>>

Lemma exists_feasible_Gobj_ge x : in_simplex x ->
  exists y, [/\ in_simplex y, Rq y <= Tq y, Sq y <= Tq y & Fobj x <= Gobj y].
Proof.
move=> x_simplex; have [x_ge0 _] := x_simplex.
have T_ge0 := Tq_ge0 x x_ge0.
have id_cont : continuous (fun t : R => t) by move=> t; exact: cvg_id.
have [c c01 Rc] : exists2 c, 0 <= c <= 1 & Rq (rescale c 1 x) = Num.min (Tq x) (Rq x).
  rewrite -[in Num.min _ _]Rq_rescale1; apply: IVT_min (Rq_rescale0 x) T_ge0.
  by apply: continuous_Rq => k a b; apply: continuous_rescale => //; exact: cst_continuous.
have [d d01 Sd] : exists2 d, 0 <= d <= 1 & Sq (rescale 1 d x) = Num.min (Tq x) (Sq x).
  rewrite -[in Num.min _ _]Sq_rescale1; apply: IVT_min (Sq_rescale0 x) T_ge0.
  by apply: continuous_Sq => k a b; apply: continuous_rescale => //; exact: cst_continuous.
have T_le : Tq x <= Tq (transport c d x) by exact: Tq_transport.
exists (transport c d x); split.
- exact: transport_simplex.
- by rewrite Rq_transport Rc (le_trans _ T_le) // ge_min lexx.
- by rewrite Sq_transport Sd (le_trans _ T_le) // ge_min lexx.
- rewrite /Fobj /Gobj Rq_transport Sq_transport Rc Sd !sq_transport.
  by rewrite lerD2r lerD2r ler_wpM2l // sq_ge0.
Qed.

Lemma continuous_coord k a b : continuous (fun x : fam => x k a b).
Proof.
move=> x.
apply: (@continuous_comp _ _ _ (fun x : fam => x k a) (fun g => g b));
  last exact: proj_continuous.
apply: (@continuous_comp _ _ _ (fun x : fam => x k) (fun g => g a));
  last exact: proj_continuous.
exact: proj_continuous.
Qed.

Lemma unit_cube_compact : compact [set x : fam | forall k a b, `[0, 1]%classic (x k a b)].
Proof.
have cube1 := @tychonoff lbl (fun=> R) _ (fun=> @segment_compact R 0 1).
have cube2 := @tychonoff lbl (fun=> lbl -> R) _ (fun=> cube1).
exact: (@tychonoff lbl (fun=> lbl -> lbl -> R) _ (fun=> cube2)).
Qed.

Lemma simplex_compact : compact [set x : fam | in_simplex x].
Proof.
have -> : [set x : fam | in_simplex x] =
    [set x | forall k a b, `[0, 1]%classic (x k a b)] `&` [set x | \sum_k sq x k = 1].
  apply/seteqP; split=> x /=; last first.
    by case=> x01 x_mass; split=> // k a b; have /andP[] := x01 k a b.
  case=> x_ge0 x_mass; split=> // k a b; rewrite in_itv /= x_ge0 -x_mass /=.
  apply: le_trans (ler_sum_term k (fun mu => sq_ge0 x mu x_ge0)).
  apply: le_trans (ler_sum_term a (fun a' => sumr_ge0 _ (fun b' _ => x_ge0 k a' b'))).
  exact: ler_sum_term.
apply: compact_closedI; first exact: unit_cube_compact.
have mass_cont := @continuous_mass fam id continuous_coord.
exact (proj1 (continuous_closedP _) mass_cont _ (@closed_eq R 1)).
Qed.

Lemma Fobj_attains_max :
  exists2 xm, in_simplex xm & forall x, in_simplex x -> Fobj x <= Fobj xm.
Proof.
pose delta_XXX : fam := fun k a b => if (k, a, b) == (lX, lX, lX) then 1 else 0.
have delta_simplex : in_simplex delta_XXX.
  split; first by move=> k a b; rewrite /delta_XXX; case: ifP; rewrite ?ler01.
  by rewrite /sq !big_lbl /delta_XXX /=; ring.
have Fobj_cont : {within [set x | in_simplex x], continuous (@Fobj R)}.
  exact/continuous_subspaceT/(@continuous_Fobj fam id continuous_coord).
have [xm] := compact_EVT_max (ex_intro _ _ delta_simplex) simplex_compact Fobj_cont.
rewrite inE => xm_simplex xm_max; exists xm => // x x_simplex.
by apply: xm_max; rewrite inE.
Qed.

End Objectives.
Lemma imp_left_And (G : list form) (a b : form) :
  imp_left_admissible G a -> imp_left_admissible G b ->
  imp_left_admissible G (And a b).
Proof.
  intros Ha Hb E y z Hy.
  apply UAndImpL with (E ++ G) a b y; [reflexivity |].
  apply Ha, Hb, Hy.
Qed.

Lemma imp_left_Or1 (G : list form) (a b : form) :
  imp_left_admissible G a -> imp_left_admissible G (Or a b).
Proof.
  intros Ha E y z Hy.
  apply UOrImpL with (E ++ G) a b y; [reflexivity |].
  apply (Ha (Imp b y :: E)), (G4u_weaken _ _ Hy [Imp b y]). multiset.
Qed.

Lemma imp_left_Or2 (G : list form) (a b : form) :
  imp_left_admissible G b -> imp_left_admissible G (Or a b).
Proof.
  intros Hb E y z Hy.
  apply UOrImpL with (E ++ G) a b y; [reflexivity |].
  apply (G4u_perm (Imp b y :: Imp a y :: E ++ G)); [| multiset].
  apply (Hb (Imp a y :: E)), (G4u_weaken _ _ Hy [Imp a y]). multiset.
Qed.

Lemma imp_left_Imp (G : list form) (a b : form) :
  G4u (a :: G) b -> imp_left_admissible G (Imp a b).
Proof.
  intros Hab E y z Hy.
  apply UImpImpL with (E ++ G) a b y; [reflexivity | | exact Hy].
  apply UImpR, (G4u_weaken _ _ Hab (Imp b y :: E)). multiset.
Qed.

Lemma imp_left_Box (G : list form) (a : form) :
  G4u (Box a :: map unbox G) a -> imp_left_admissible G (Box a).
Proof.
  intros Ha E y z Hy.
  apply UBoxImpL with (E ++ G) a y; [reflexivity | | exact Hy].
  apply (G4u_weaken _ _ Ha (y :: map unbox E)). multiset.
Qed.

<<
>>

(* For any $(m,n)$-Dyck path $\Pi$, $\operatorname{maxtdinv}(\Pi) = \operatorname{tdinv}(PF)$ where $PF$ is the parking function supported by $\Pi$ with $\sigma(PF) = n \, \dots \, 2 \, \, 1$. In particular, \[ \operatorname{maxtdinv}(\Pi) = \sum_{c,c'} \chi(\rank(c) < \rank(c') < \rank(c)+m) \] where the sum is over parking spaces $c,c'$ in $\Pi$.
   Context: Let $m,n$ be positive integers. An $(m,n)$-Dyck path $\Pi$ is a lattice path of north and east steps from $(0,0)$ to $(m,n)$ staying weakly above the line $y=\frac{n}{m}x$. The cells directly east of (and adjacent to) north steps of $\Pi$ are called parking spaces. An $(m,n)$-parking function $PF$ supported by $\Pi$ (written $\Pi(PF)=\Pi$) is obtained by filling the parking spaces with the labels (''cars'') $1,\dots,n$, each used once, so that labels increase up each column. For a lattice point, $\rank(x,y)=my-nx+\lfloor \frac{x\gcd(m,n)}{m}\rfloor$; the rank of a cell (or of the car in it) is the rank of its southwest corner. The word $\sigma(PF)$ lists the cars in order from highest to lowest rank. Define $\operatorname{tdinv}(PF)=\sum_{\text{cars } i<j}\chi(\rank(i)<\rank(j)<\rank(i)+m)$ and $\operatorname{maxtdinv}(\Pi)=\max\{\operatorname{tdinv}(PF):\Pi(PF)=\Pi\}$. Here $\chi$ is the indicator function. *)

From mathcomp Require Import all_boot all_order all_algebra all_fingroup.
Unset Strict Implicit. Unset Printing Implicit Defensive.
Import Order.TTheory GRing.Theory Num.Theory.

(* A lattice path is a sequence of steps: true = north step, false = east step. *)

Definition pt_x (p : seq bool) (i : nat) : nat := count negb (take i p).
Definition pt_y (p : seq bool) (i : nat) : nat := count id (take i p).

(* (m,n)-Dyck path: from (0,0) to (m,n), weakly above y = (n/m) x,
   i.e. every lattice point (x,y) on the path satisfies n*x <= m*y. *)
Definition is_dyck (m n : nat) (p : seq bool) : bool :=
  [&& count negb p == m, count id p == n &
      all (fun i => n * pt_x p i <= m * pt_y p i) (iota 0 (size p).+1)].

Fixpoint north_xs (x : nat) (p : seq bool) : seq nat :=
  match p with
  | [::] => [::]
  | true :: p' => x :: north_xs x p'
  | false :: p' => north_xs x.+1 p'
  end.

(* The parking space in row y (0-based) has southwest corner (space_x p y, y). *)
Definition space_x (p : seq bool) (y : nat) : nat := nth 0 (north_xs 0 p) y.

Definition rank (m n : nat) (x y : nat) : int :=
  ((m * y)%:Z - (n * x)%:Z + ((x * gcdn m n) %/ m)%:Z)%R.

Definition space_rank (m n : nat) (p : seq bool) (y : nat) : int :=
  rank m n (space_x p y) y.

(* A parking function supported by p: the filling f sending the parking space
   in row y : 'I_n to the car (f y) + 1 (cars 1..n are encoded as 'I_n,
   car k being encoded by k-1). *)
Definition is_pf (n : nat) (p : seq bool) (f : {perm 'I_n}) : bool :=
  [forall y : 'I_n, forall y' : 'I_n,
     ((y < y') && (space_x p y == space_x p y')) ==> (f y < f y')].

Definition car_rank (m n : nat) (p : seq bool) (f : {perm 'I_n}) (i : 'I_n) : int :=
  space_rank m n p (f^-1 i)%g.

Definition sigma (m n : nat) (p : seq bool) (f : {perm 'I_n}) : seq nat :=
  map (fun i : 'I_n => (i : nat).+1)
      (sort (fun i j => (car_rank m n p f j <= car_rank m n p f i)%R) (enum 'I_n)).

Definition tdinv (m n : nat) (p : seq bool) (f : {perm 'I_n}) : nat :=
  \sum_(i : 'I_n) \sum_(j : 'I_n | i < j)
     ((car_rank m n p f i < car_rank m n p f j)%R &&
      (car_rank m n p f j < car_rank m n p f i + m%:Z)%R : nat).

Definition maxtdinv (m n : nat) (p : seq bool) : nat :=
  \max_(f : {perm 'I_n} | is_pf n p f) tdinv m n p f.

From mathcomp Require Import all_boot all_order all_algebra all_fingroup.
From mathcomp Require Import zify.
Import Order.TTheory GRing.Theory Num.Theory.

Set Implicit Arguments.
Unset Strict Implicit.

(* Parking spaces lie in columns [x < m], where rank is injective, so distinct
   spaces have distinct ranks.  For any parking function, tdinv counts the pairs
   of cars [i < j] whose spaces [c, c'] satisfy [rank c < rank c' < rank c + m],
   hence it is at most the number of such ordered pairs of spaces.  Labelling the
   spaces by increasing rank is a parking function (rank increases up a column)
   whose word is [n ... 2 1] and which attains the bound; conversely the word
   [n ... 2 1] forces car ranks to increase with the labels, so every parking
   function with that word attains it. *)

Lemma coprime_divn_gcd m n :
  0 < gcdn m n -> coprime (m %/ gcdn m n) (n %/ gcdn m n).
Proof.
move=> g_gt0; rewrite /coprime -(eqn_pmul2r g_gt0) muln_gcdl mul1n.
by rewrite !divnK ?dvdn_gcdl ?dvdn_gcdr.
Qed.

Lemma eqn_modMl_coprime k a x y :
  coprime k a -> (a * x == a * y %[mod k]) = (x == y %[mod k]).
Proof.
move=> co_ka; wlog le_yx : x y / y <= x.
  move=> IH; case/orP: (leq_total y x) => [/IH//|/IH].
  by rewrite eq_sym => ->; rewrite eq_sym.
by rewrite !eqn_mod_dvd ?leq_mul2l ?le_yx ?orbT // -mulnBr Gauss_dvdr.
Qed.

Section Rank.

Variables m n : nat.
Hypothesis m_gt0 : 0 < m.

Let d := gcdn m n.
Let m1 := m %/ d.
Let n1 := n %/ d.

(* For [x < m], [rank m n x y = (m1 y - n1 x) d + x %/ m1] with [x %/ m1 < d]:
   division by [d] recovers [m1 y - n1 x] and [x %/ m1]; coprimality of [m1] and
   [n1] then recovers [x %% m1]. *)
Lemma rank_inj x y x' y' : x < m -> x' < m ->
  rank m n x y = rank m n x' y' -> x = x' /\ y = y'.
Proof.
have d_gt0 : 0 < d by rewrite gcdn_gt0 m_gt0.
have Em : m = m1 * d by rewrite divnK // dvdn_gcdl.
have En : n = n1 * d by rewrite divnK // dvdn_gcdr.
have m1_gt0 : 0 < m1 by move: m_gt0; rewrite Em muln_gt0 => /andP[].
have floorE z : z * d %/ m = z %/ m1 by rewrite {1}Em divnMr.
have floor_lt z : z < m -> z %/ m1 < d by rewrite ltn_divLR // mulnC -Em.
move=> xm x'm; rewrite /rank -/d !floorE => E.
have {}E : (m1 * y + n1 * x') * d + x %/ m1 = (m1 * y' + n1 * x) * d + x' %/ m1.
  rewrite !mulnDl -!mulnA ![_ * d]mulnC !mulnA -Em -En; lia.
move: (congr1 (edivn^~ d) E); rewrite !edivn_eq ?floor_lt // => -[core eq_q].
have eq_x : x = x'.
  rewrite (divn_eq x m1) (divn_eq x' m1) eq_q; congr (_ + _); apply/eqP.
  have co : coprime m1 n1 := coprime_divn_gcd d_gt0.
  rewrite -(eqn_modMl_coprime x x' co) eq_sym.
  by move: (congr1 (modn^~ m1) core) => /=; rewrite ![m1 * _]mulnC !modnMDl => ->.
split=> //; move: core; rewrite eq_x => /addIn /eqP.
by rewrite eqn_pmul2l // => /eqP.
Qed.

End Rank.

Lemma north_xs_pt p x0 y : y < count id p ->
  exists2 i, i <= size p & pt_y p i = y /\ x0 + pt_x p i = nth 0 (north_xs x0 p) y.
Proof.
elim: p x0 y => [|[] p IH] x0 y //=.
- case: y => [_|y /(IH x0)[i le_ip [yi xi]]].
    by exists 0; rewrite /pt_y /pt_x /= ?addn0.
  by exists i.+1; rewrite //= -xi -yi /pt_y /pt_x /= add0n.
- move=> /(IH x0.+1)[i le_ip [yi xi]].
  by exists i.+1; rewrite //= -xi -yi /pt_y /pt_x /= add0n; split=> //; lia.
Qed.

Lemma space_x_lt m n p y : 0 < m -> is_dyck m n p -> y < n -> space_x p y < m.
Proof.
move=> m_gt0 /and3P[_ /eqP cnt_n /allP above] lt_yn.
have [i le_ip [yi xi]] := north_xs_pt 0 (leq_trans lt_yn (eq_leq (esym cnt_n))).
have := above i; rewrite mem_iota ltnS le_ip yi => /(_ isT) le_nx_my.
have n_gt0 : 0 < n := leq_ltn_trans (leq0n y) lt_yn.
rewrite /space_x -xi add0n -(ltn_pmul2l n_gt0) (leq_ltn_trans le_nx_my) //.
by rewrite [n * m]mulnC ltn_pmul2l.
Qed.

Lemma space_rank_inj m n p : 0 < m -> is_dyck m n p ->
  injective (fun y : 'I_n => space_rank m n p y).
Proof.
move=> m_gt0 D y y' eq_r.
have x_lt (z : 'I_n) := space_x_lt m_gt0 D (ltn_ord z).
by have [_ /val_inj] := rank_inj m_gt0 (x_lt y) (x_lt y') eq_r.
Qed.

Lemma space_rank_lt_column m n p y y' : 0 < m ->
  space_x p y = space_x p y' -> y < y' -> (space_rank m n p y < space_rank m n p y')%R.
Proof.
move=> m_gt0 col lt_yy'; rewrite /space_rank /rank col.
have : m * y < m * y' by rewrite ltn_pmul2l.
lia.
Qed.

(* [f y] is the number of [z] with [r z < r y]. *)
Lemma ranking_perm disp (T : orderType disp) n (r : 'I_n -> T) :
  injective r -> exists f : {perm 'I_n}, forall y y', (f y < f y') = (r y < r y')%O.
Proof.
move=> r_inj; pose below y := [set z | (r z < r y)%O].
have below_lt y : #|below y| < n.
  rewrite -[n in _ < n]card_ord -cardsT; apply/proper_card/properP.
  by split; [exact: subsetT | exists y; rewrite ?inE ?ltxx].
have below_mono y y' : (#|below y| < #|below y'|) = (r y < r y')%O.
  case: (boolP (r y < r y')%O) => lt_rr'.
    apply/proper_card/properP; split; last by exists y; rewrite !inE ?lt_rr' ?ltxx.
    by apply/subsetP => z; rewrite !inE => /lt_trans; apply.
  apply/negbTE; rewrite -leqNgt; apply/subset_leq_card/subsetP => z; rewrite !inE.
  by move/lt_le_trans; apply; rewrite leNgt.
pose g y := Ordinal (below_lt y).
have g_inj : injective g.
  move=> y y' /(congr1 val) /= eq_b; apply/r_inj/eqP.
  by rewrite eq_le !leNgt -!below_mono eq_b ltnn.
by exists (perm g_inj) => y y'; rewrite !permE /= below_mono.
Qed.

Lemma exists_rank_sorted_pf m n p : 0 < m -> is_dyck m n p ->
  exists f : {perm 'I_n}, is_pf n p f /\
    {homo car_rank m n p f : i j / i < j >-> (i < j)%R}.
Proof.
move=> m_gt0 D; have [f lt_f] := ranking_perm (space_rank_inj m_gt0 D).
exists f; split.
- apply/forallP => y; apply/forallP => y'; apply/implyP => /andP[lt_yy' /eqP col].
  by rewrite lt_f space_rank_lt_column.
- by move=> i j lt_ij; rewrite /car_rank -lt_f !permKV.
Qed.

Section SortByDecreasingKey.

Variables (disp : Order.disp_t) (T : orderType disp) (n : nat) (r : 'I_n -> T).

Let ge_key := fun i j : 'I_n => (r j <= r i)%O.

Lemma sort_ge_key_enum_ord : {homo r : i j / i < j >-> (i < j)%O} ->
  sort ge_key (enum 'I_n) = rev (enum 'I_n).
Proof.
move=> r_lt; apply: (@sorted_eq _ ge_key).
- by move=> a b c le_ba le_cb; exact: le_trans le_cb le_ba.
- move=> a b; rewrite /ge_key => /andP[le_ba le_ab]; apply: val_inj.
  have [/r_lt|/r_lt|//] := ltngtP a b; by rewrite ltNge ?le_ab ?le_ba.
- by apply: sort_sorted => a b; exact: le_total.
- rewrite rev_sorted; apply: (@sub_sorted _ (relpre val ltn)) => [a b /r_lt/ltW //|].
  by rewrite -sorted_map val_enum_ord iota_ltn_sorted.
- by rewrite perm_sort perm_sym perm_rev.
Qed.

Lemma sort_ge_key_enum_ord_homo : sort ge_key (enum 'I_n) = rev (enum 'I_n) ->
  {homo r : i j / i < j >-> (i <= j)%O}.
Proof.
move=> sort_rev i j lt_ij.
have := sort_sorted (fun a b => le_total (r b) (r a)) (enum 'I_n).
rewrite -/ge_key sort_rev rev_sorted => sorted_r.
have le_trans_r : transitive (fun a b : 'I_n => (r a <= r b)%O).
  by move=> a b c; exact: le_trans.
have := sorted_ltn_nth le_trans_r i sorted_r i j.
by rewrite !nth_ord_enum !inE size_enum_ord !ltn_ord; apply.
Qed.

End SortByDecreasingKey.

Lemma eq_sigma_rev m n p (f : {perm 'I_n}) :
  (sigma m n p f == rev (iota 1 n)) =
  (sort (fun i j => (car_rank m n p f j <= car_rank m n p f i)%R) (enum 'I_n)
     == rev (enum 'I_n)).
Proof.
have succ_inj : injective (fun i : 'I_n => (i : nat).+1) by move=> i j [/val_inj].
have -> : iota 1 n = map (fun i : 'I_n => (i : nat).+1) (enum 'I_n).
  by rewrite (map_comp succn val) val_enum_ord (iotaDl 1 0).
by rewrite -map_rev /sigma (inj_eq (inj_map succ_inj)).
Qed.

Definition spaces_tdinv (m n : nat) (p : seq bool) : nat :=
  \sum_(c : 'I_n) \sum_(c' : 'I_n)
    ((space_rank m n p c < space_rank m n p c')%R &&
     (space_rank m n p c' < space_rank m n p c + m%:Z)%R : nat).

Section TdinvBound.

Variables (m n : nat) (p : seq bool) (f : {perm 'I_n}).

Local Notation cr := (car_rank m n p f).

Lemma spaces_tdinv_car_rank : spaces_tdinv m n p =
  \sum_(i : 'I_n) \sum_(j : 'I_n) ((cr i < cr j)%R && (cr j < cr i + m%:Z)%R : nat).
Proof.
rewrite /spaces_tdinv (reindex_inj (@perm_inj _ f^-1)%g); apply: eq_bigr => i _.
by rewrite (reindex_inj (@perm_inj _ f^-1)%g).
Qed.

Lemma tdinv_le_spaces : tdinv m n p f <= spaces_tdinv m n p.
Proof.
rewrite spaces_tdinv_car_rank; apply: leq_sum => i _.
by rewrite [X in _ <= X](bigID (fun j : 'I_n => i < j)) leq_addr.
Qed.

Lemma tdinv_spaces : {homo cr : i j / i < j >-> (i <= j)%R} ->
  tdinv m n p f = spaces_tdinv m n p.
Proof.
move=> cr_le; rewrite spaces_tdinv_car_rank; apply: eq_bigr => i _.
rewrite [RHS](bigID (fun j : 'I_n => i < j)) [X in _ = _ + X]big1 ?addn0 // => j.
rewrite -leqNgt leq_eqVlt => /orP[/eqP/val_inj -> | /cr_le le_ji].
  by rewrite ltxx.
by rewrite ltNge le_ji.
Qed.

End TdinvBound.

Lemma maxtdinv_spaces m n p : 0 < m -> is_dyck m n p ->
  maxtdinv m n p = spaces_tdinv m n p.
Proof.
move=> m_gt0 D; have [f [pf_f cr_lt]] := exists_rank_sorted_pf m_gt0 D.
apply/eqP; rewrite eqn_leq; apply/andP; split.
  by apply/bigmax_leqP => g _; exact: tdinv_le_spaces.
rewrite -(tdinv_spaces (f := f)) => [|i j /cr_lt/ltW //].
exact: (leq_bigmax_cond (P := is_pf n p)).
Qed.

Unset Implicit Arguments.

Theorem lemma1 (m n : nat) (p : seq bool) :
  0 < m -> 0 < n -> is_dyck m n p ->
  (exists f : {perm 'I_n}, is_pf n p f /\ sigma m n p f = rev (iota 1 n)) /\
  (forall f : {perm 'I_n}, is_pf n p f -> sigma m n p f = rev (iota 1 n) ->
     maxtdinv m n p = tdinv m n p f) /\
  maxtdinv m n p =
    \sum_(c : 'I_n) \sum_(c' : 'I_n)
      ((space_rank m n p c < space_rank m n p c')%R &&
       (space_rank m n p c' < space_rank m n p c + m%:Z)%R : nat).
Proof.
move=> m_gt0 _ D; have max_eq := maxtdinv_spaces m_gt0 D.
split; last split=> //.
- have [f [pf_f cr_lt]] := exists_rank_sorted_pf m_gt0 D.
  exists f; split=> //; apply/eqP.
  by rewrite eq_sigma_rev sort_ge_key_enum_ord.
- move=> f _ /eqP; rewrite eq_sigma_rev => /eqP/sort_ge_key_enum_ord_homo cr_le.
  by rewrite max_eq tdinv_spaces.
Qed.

<<

- [Task description]
Track down every line in the entries that includes the string "andP", and copy it.

- [Response]
    by case=> x01 x_mass; split=> // k a b; have /andP[] := x01 k a b.
have m1_gt0 : 0 < m1 by move: m_gt0; rewrite Em muln_gt0 => /andP[].
- apply/forallP => y; apply/forallP => y'; apply/implyP => /andP[lt_yy' /eqP col].
- move=> a b; rewrite /ge_key => /andP[le_ba le_ab]; apply: val_inj.
apply/eqP; rewrite eqn_leq; apply/andP; split.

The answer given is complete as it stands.